(* Consider the following binary classification model of feature learning. Let $p_d\in[0,1]$, $p_r=1-p_d$, and let $t_d,t_r,n_d,n_r,c_d,c_r$ be nonnegative integers with $n_d\le t_d$, $n_r\le t_r$, $c_d\le t_d$, $c_r\le t_r$. Set $c = 2(c_d+c_r)$. Each class $y\in\{1,2\}$ has its own set $D_y$ of $t_d$ dominant features and its own set $R_y$ of $t_r$ rare features, all these sets being pairwise disjoint. **Data.** A data point $(x,y)$ is generated as follows: $y$ is uniform on $\{1,2\}$; with probability $p_d$ the feature set $\Pi(x)$ is a uniformly random $n_d$-subset of $D_y$, and otherwise it is a uniformly random $n_r$-subset of $R_y$. **Models.** A model $f$ is drawn independently of the data by choosing, for each class $y$, a uniformly random $c_d$-subset of $D_y$ and a uniformly random $c_r$-subset of $R_y$, all choices independent; $\Pi(f)$ is the union of these subsets. A model is correct on $(x,y)$ (predicts $y$) if $\Pi(f)\cap\Pi(x)\ne\varnothing$. **Agreement.** Let $\zeta:\mathbb{N}\times\mathbb{N}\to[0,1]$ be an agreement function. Draw two models $f,g$ i.i.d. from this distribution, independent of $(x,y)$, and let $k$ be the number of features of class $y$ that $f$ and $g$ share, i.e. $k = |\Pi(f)\cap\Pi(g)\cap(D_y\cup R_y)|$. The predictions of $f$ and $g$ on $(x,y)$ are as follows: - If both $f$ and $g$ share a feature with $x$, both predict $y$ and so agree. - If exactly one shares a feature with $x$, the other guesses uniformly at random, independently, so they agree with probability $\frac12$. - If neither shares a feature with $x$, they agree with probability $\zeta(k,c)$ when $k\ge1$, and with probability $\frac12$ (independent uniform guesses) when $k=0$. With the convention $\binom{n}{r}=0$ when $n<0$, $r<0$ or $n<r$, let $$q_1 = p_d\left(1-\frac{\binom{t_d-c_d}{n_d}}{\binom{t_d}{n_d}}\right)^2 + p_r\left(1-\frac{\binom{t_r-c_r}{n_r}}{\binom{t_r}{n_r}}\right)^2,$$ $$\begin{aligned}q_2(k) = {}& p_d\frac{\binom{t_d-n_d}{c_d}^2}{\binom{t_d}{c_d}^2}\left(\sum_{a+b=k}\frac{\binom{c_d}{a}\binom{t_d-n_d-c_d}{c_d-a}}{\binom{t_d-n_d}{c_d}}\frac{\binom{c_r}{b}\binom{t_r-c_r}{c_r-b}}{\binom{t_r}{c_r}}\right)\\ &+ p_r\frac{\binom{t_r-n_r}{c_r}^2}{\binom{t_r}{c_r}^2}\left(\sum_{a+b=k}\frac{\binom{c_d}{a}\binom{t_d-c_d}{c_d-a}}{\binom{t_d}{c_d}}\frac{\binom{c_r}{b}\binom{t_r-n_r-c_r}{c_r-b}}{\binom{t_r-n_r}{c_r}}\right),\end{aligned}$$ where the sums range over nonnegative integers $a,b$. Then the expected agreement (probability that $f$ and $g$ output the same label on $(x,y)$, over the data, the pair of models and the random guesses) is $$\mathsf{Agr} = \frac12 + \frac12 q_1 + \sum_{k=1}^{c}\left(\zeta(k,c)-\frac12\right)q_2(k).$$
   Context: In the paper, $c$ is the total model capacity, with $c_d=\frac12 p_d c$ and $c_r=\frac12 p_r c$ rounded to integers so that the total number of features in a model is $c$. The paper describes $\zeta(k,c)$ informally as the probability that two models that both lack any feature of $x$ agree, given that they share $k$ features. Here $k$ is made precise as the number of shared features of $x$'s class, which is the quantity the formula for $q_2(k)$ counts. *)

From mathcomp Require Import all_boot all_order all_algebra.
Set Implicit Arguments. Unset Strict Implicit. Unset Printing Implicit Defensive.
Import Order.TTheory GRing.Theory Num.Theory.
Local Open Scope ring_scope.

(* Binomial coefficient on integers, with the convention binom n r = 0 when
   n < 0, r < 0 or n < r (the last case is already 'C(n,r) = 0). *)
Definition binz (R : nzRingType) (n r : int) : R :=
  match n, r with
  | Posz n', Posz r' => ('C(n', r'))%:R
  | _, _ => 0
  end.

Section Model.
Variable R : realFieldType.
Variables td tr nd nr cd cr : nat.

(* Classes y are encoded by bool (true = class 1, false = class 2).
   The dominant features of class y are D_y ~ 'I_td (one copy per class),
   the rare features of class y are R_y ~ 'I_tr (one copy per class);
   copies for distinct classes / kinds are disjoint by construction. *)

Definition model := ({ffun bool -> {set 'I_td}} * {ffun bool -> {set 'I_tr}})%type.

Definition model_w (m : model) : R :=
  \prod_(y : bool)
     ((#|m.1 y| == cd)%:R / ('C(td, cd))%:R * ((#|m.2 y| == cr)%:R / ('C(tr, cr))%:R)).

(* The feature set Pi(x) of a data point of class y is given by its dominant
   part Sd (subset of D_y) and its rare part Sr (subset of R_y).
   f is correct on (x,y) iff Pi(f) meets Pi(x). *)
Definition hits (m : model) (y : bool) (Sd : {set 'I_td}) (Sr : {set 'I_tr}) : bool :=
  (m.1 y :&: Sd != set0) || (m.2 y :&: Sr != set0).

Definition shared (f g : model) (y : bool) : nat :=
  #|f.1 y :&: g.1 y| + #|f.2 y :&: g.2 y|.

(* Conditional probability (over the random guesses) that f and g agree on (x,y). *)
Definition agree_prob (zeta : nat -> nat -> R) (c : nat) (f g : model) (y : bool)
    (Sd : {set 'I_td}) (Sr : {set 'I_tr}) : R :=
  if hits f y Sd Sr && hits g y Sd Sr then 1
  else if hits f y Sd Sr || hits g y Sd Sr then 2^-1
  else if (0 < shared f g y)%N then zeta (shared f g y) c
  else 2^-1.

Definition agr_given (zeta : nat -> nat -> R) (c : nat) (y : bool)
    (Sd : {set 'I_td}) (Sr : {set 'I_tr}) : R :=
  \sum_(f : model) \sum_(g : model) model_w f * model_w g * agree_prob zeta c f g y Sd Sr.

Definition Agr (pd : R) (zeta : nat -> nat -> R) : R :=
  let c := (2 * (cd + cr))%N in
  \sum_(y : bool) 2^-1 *
    (pd * \sum_(Sd : {set 'I_td} | #|Sd| == nd)
             (('C(td, nd))%:R)^-1 * agr_given zeta c y Sd set0
     + (1 - pd) * \sum_(Sr : {set 'I_tr} | #|Sr| == nr)
             (('C(tr, nr))%:R)^-1 * agr_given zeta c y set0 Sr).

Definition q1 (pd : R) : R :=
  pd * (1 - binz R (td%:Z - cd%:Z) nd%:Z / binz R td%:Z nd%:Z) ^+ 2
  + (1 - pd) * (1 - binz R (tr%:Z - cr%:Z) nr%:Z / binz R tr%:Z nr%:Z) ^+ 2.

Definition q2 (pd : R) (k : nat) : R :=
  pd * (binz R (td%:Z - nd%:Z) cd%:Z ^+ 2 / binz R td%:Z cd%:Z ^+ 2) *
    (\sum_(a < k.+1)
       (binz R cd%:Z a%:Z * binz R (td%:Z - nd%:Z - cd%:Z) (cd%:Z - a%:Z)
          / binz R (td%:Z - nd%:Z) cd%:Z) *
       (binz R cr%:Z (k - a)%:Z * binz R (tr%:Z - cr%:Z) (cr%:Z - (k - a)%:Z)
          / binz R tr%:Z cr%:Z))
  + (1 - pd) * (binz R (tr%:Z - nr%:Z) cr%:Z ^+ 2 / binz R tr%:Z cr%:Z ^+ 2) *
    (\sum_(a < k.+1)
       (binz R cd%:Z a%:Z * binz R (td%:Z - cd%:Z) (cd%:Z - a%:Z)
          / binz R td%:Z cd%:Z) *
       (binz R cr%:Z (k - a)%:Z * binz R (tr%:Z - nr%:Z - cr%:Z) (cr%:Z - (k - a)%:Z)
          / binz R (tr%:Z - nr%:Z) cr%:Z)).

End Model.

(* For a fixed label y and data features, the agreement probability of two models is
     1/2 + 1/2 [f hits x] [g hits x]
         + sum_(1 <= k <= c) (zeta(k, c) - 1/2) [f, g both miss x and share k features],
   as long as the models share at most c features.  Only the class-y parts of f and g
   matter, and they are independent uniform draws of subsets.  Hence the first expectation
   is (1 - P)^2, where P is the probability that a uniform draw avoids Pi(x), and the second
   factors over dominant and rare features into a convolution of the hypergeometric
   probabilities C(t-n, c) C(c, a) C(t-n-c, c-a) / C(t, c)^2 that two draws both avoid
   Pi(x) and meet in a features.  Averaging over the data gives q1 and q2; the paper writes
   P as C(t-c, n) / C(t, n), which equals C(t-n, c) / C(t, c). *)

From mathcomp Require Import all_boot all_order all_algebra ring zify.
Set Implicit Arguments. Unset Strict Implicit. Unset Printing Implicit Defensive.
Import Order.TTheory GRing.Theory Num.Theory.
Local Open Scope ring_scope.

Lemma binR_neq0 (R : numFieldType) (t c : nat) : (c <= t)%N -> 'C(t, c)%:R != 0 :> R.
Proof. by move=> ct; rewrite pnatr_eq0 -lt0n bin_gt0. Qed.

Lemma half_add_half (R : numFieldType) : 2^-1 + 2^-1 = 1 :> R.
Proof. by rewrite [RHS]splitr mul1r. Qed.

Lemma sum_eq_addn (R : pzSemiRingType) (x y k : nat) :
  \sum_(i < k.+1) ((x == i) && (y == (k - i)%N))%:R = (x + y == k)%:R :> R.
Proof.
have [xk|kx] := leqP x k.
  rewrite (bigD1 (Ordinal (xk : (x < k.+1)%N))) //= eqxx big1 ?addr0 => [|i /negbTE xi].
    by congr (_%:R); apply/eqP/eqP; lia.
  by rewrite -val_eqE /= in xi; rewrite eq_sym xi.
rewrite big1 => [|i _]; last by rewrite eq_sym (ltn_eqF (leq_trans (ltn_ord i) kx)).
by rewrite (gtn_eqF (leq_trans kx (leq_addr _ _))).
Qed.

Lemma sum_nat_mul_eq (R : pzSemiRingType) (m n s : nat) (F : nat -> R) :
  \sum_(m <= k < n) F k * (s == k)%:R = ((m <= s < n)%N)%:R * F s.
Proof.
have [s_in|s_out] := boolP (m <= s < n)%N.
  rewrite (bigD1_seq s) ?mem_index_iota ?iota_uniq //= eqxx mulr1 mul1r.
  by rewrite big1 ?addr0 // => k /negbTE ks; rewrite eq_sym ks mulr0.
rewrite mul0r big_nat big1 // => k k_in.
by rewrite (_ : s == k = false) ?mulr0 //; apply: contraNF s_out => /eqP ->.
Qed.

Lemma bin_sub_swap (t n c : nat) : (n <= t)%N -> (c <= t)%N ->
  ('C(t - n, c) * 'C(t, n) = 'C(t - c, n) * 'C(t, c))%N.
Proof.
move=> nt ct; have [nc_le|nc_gt] := leqP (n + c) t; last first.
  by rewrite (@bin_small (t - n) c) ?(@bin_small (t - c) n) ?mul0n //; lia.
have fact_gt0 : (0 < n`! * c`! * (t - n - c)`!)%N by rewrite !muln_gt0 !fact_gt0.
have [c_le_tn n_le_tc] : (c <= t - n)%N /\ (n <= t - c)%N by lia.
apply/eqP; rewrite -(eqn_pmul2r fact_gt0); apply/eqP; transitivity t`!.
  by rewrite -(bin_fact nt) -(bin_fact c_le_tn); ring.
by rewrite -(bin_fact ct) -(bin_fact n_le_tc) (subnAC t c n); ring.
Qed.

Lemma card_draws_meet (T : finType) (B F : {set T}) (m a : nat) :
  F \subset B -> (a <= m)%N ->
  #|[set G : {set T} | (G \subset B) && (#|G| == m) && (#|G :&: F| == a)]| =
    ('C(#|F|, a) * 'C(#|B| - #|F|, m - a))%N.
Proof.
move=> FB am.
pose split G := (G :&: F, G :\: F).
have split_inj : injective split.
  by move=> G1 G2 [eqI eqD]; rewrite -(setID G1 F) -(setID G2 F) eqI eqD.
rewrite -(card_imset _ split_inj) -(cardsDS FB) -!cards_draws -cardsX.
apply: eq_card => -[X Y]; rewrite !inE /=.
apply/imsetP/and3P => [[G] | [/andP[XF /eqP cardX] YBF /eqP cardY]].
  rewrite inE => /andP[/andP[GB /eqP cardG] /eqP cardGF] [-> ->].
  by rewrite subsetIr cardGF setSD //= cardsD cardG cardGF !eqxx.
have /subsetDP[YB YF] := YBF.
have splitXY : split (X :|: Y) = (X, Y).
  rewrite /split setIUl setDUl (setIidPl XF) (setDidPl YF).
  move: YF; rewrite -setI_eq0 => /eqP ->; move: XF; rewrite -setD_eq0 => /eqP ->.
  by rewrite setU0 set0U.
exists (X :|: Y) => //; rewrite inE -(cardsID F) subUset (subset_trans XF FB) YB.
by case: splitXY => -> ->; rewrite cardX cardY subnKC // !eqxx.
Qed.

Lemma sum_subsets_card_const (R : numFieldType) (T : finType) (t n : nat)
    (G : {set T} -> R) (v : R) :
  #|T| = t -> (n <= t)%N -> (forall S : {set T}, #|S| = n -> G S = v) ->
  \sum_(S : {set T} | #|S| == n) ('C(t, n)%:R)^-1 * G S = v.
Proof.
move=> <- nT Gv; rewrite (eq_bigr (fun _ => ('C(#|T|, n)%:R)^-1 * v)) => [|S /eqP/Gv -> //].
rewrite sumr_const (eq_card (B := [set S : {set T} | #|S| == n])) => [|S]; last by rewrite inE.
by rewrite card_draws -(mulr_natl (_ * v)) mulrA mulfV ?mul1r ?binR_neq0.
Qed.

= What is expected =
Search the entries for the word "false" and copy every line that holds it.

= Solution =
(* Classes y are encoded by bool (true = class 1, false = class 2).
by rewrite (_ : s == k = false) ?mulr0 //; apply: contraNF s_out => /eqP ->.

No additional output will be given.